In Sideways, there's the famous line about making the bottle itself the occasion for opening it.  I've tried doing that lately, but the motivation just isn't there for me anymore.  I really wanted to enjoy this new Rioja Reserva we just received so I cooked an elaborate meal and sat down with my wife.  We both enjoyed a glass or two, but we didn't finish the bottle.  The wine was fine, it's just that drinking heavy amounts of red wine and eating the heavy foods that accompany it are not things we enjoy anymore.  I had roasted a chicken and made a delicious sauce to go with it, but we just weren't feeling it.  I began to realize that my wife and I, despite our love of cooking and eating, are not the stereotypical sit-down-to-dinner types.  Most of my co-workers enjoy cooking up steak, chicken, pork chops, duck confit, and other famous wine-pairing entreés, then sitting down to multi-course meals with pairings for each one.  As much as I tell myself that's what I too should be doing, it's just not our thing.  Our diet consists mainly of beans, fresh vegetables, Indian sauces, lentils, pizza, hot Thai chillies, and fruit.  In New York, a few weeks back, we ate pizza, tacos, or knish for practically every meal. I think we ate tomatoes on toast with avocados and some broccoli soup for dinner the other night.  Those simply are not meals that scream for Cote Rotie.

Why am I explaining all of this to you?  Because I feel that there is a pressure to derive happiness from booze based off of what other people find enjoyable.  Despite the fact that I don't enjoy red wine at home, I continue to keep purchasing it as if I need to prove something!!  It's not that I don't like it, I just don't ever feel like drinking it.  I had a conversation with a customer yesterday who told me that he almost purchased one of the Eagle Rare 17 year old Bourbons off the shelf simply because he never sees it available.  He didn't particularly want the ER17, nor was it even one of his favorites, but knowing how rare these bottles are and how much other people love them, he felt a compulsion to get one of his own.  This is the same feeling I get every time the Pappy Van Winkles show up, the George T. Staggs, etc.  These are whiskies I have owned and never enjoyed drinking, yet I still feel like I should give them another chance because of how popular they are.  It's the same feeling that compulsive shoppers feel when watching an infomercial about knives or something - they simply have to have those knives even if they've never cooked a thing in their life!
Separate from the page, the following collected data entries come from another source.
(* Let $h:\mathbb{R}\to\mathbb{R}$ be a smooth function with $h(T)=\pi/2$ for $T\le 0$, $0<h(T)<\pi/2$ for $0<T<1$, and $h(T)=0$ for $T\ge 1$. For $0\le T<1$ define $B(T)=\exp\left(\int_0^T \cot\bigl(h(z)\bigr)\,dz\right)$. Then $B(T)\to\infty$ as $T\to 1_-$, and for every integer $n\ge 0$ the $n$-th derivative of $1/B$ satisfies $\frac{d^n}{dT^n}\bigl(1/B(T)\bigr)\to 0$ as $T\to 1_-$.
   Context: Here $\cot$ denotes the cotangent; note that $\cot h(T)>0$ for $0<T<1$. *)

From Stdlib Require Import Reals.
From Coquelicot Require Import Coquelicot.
Open Scope R_scope.

Definition cot (x : R) : R := cos x / sin x.

Definition smooth (h : R -> R) : Prop := forall (n : nat) (x : R), ex_derive_n h n x.

Definition B (h : R -> R) (T : R) : R := exp (RInt (fun z => cot (h z)) 0 T).

From Stdlib Require Import Reals Lra Lia.
From Coquelicot Require Import Coquelicot.
Open Scope R_scope.

(* With s := sin o h, the function u := 1 / B solves u' = - (cot o h) u on
   (-oo, 1), and cot o h >= 1 / s - 1 there.  Since s >= 0 vanishes at 1, also
   s'(1) = 0, so for every n the function s is (1/n)-Lipschitz near 1; comparing
   u with exp (-z) / (s T + (T - z) / n) ^ n on [T - d, T] then gives
   u(T) = O(s(T) ^ n) as T -> 1-.  By induction the n-th derivative of u is
   (a_n / s ^ n) u with a_n smooth, hence it is O(s) and tends to 0; the case
   n = 0 gives B = 1 / u -> +oo. *)

(* An inductive variant of [smooth], convenient for closure under products. *)
Fixpoint Cn (n : nat) (f : R -> R) : Prop :=
  match n with
  | O => True
  | S m => (forall x, ex_derive f x) /\ Cn m (Derive f)
  end.

Definition Cinf (f : R -> R) : Prop := forall n, Cn n f.

Lemma Cn_S n f : Cn (S n) f -> Cn n f.
Proof.
  revert f; induction n as [|n IH]; intros f Hf; [exact I|].
  destruct Hf as [Hf Hdf]; split; [exact Hf | exact (IH _ Hdf)].
Qed.

Lemma Cn_ext n f g : (forall x, f x = g x) -> Cn n f -> Cn n g.
Proof.
  revert f g; induction n as [|n IH]; intros f g Hfg Hf; [exact I|].
  destruct Hf as [Hf Hdf]; split.
  - intros x; exact (ex_derive_ext f g x Hfg (Hf x)).
  - apply (IH (Derive f)); [|exact Hdf].
    intros x; apply Derive_ext; exact Hfg.
Qed.

Lemma Cn_const n c : Cn n (fun _ => c).
Proof.
  revert c; induction n as [|n IH]; intros c; [exact I|]; split.
  - intros x; apply ex_derive_const.
  - apply (Cn_ext _ (fun _ => 0)); [|apply IH].
    intros x; symmetry; apply Derive_const.
Qed.

Lemma Cn_plus n f g : Cn n f -> Cn n g -> Cn n (fun x => f x + g x).
Proof.
  revert f g; induction n as [|n IH]; intros f g Hf Hg; [exact I|].
  destruct Hf as [Hf Hdf], Hg as [Hg Hdg]; split.
  - intros x; apply (ex_derive_plus f g); auto.
  - apply (Cn_ext _ (fun x => Derive f x + Derive g x)); [|apply IH; auto].
    intros x; symmetry; apply Derive_plus; auto.
Qed.

Lemma Cn_minus n f g : Cn n f -> Cn n g -> Cn n (fun x => f x - g x).
Proof.
  revert f g; induction n as [|n IH]; intros f g Hf Hg; [exact I|].
  destruct Hf as [Hf Hdf], Hg as [Hg Hdg]; split.
  - intros x; apply (ex_derive_minus f g); auto.
  - apply (Cn_ext _ (fun x => Derive f x - Derive g x)); [|apply IH; auto].
    intros x; symmetry; apply Derive_minus; auto.
Qed.

Lemma Cn_mult n f g : Cn n f -> Cn n g -> Cn n (fun x => f x * g x).
Proof.
  revert f g; induction n as [|n IH]; intros f g Hf Hg; [exact I|].
  pose proof (Cn_S _ _ Hf) as Hf'; pose proof (Cn_S _ _ Hg) as Hg'.
  destruct Hf as [Hf Hdf], Hg as [Hg Hdg]; split.
  - intros x; apply (ex_derive_mult f g); auto.
  - apply (Cn_ext _ (fun x => Derive f x * g x + f x * Derive g x)).
    + intros x; symmetry; apply Derive_mult; auto.
    + apply Cn_plus; apply IH; auto.
Qed.

Lemma Cn_sin_cos n f : Cn n f -> Cn n (fun x => sin (f x)) /\ Cn n (fun x => cos (f x)).
Proof.
  revert f; induction n as [|n IH]; intros f Hf; [split; exact I|].
  destruct (IH f (Cn_S _ _ Hf)) as [Hsin Hcos].
  destruct Hf as [Hf Hdf]; split; split.
  - intros x; auto_derive; auto.
  - apply (Cn_ext _ (fun x => cos (f x) * Derive f x)); [|apply Cn_mult; auto].
    intros x; symmetry; apply is_derive_unique.
    auto_derive; [apply Hf | rewrite Rmult_1_l; apply Rmult_comm].
  - intros x; auto_derive; auto.
  - apply (Cn_ext _ (fun x => - sin (f x) * Derive f x)).
    + intros x; symmetry; apply is_derive_unique.
      auto_derive; [apply Hf | rewrite Rmult_1_l; apply Rmult_comm].
    + apply Cn_mult; auto. apply (Cn_ext _ (fun x => 0 - sin (f x))).
      * intros x; ring.
      * apply Cn_minus; [apply Cn_const | exact Hsin].
Qed.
John Glaser told us during our whisky blending seminar to imagine the time we would want to drink our whisky before creating it.  Would it be something to drink after work?  Late at night with a book?  On a sunny afternoon?  The mood was an important creative factor because it needed to be something we would actually want to drink, not merely something we thought was good.  Thinking about when we are actually going to drink a particular wine or whisky should be just as important for evaluation as proper tasting notes are.  The next time you try a new single malt or Bourbon, think about when you would actually drink it.  For me personally, I know that I'm currently not drinking anything cask strength because I'm sick of having to tinker with my whisky when I get home.  That's an important point for me to remember when those Antique Collection whiskies land next week (remind me of that so that there's an extra one for all of you).  Just because something tastes amazing doesn't mean you're actually going to ever drink it - it may sit there on your bar for the next five years while you search for the right moment that never existed in the first place.